Before internal combustion engines were invented, gasoline was sold in small bottles as a treatment against lice and their eggs. In those early times, the word "Petrol" was a trade name. This treatment method is no longer common, due to the inherent fire hazard and risk of dermatitis.

World War II and octane

One interesting historical issue involving octane rating took place during WWII. Germany received nearly all her oil from Romania, and set up huge distilling plants in Germany to produce gasoline from coal. In the US the oil was not "as good" and the oil industry instead had to invest heavily in various expensive boosting systems. This turned out to be a huge blessing in disguise. US industry was soon delivering fuels of ever-increasing octane ratings by adding more of the boosting agents, with cost no longer a factor during wartime. By war's end American aviation fuel was commonly 130 to 150 octane, which could easily be put to use in existing engines to deliver much more power by increasing the compression delivered by the superchargers. The Germans, relying entirely on "good" gasoline, had no such industry, and instead had to rely on ever-larger engines to deliver more power.

However, someone pointed out that: German aviation engines were of the direct fuel injection type and could use emergency methanol-water and nitrous-oxide injection, which gave 50% more engine power for 5 minutes of dogfight. This could be done only five times and then the aero engine went to the scrapyard (or after 40 hours run-time, whichever came first). Most German aero engines used 87 octane fuel (called B4), some high-powered engines used 100 octane (C2/C3)fuel.

Another pointed out in reply that: This historical "issue" is based on a very common misapprehension about wartime fuel octane numbers. There are two octane numbers for each fuel, one for lean mix and one for rich mix, rich being always greater. So, for example, a common British aviation fuel of the later part of the war was 100/125. The misapprehension that German fuels have a lower octane number (and thus a poorer quality) arises because the Germans quoted the lean mix octane number for their fuels while the Allies quoted the rich mix number for their fuels.

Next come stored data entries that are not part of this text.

(* There is an absolute constant $c>0$ such that for every integer $k\geq 2$, the largest number $N(k)$ of vertices of a connected integral circulant graph $G(n;S)$ of degree $k$ satisfies $$N(k)\leq \exp\left(c\sqrt{k\log\log(k+2)}\,\log k\right).$$
   Context: For an integer $n$ and a set $S\subseteq\{1,\dots,n-1\}$ such that $s\in S$ if and only if $n-s\in S$, the circulant graph $G(n;S)$ is the undirected graph on vertex set $\mathbb{Z}_n$ in which $i$ and $j$ are adjacent iff $i-j \bmod n\in S$; its degree is $\#S$. A graph is integral if all eigenvalues of its adjacency matrix are integers. *)

From mathcomp Require Import all_boot all_order all_algebra all_field.
From Stdlib Require Import Reals.
Set Implicit Arguments. Unset Strict Implicit. Unset Printing Implicit Defensive.
Import GRing.Theory Num.Theory.

(* residue of i - j modulo n, for i j : 'I_n *)
Definition zdiff (n : nat) (i j : 'I_n) : nat := (i + (n - j)) %% n.

Definition conn_set (n : nat) (S : {set 'I_n}) : Prop :=
  (forall s : 'I_n, s \in S -> 0 < s) /\
  (forall s : 'I_n, (s \in S) = [exists t in S, val t == (n - s) %% n]).

Definition circ_adj (n : nat) (S : {set 'I_n}) : rel 'I_n :=
  fun i j => [exists s in S, val s == zdiff i j].

Definition circ_adjmx (n : nat) (S : {set 'I_n}) : 'M[algC]_n :=
  \matrix_(i, j) (if circ_adj S i j then (@GRing.one algC) else (@GRing.zero algC)).

Definition integral_graph (n : nat) (A : 'M[algC]_n) : Prop :=
  forall a : algC, eigenvalue A a -> a \in Num.int.

Definition connected_graph (T : finType) (e : rel T) : Prop :=
  forall x y : T, connect e x y.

Standard German high-grade aviation fuel used in the later part of the war (given the designation C3) had lean/rich octane numbers of 100/130. The Germans would list this as a 100 octane fuel while the Allies would list it as 130 octane.

After the war the US Navy sent a Technical Mission to Germany to interview German petrochemists and examine German fuel quality, their report entitled "Technical Report 145-45 Manufacture of Aviation Gasoline in Germany" chemically analysed the different fuels and concluded "Toward the end of the war the quality of fuel being used by the German fighter planes was quite similar to that being used by the Allies".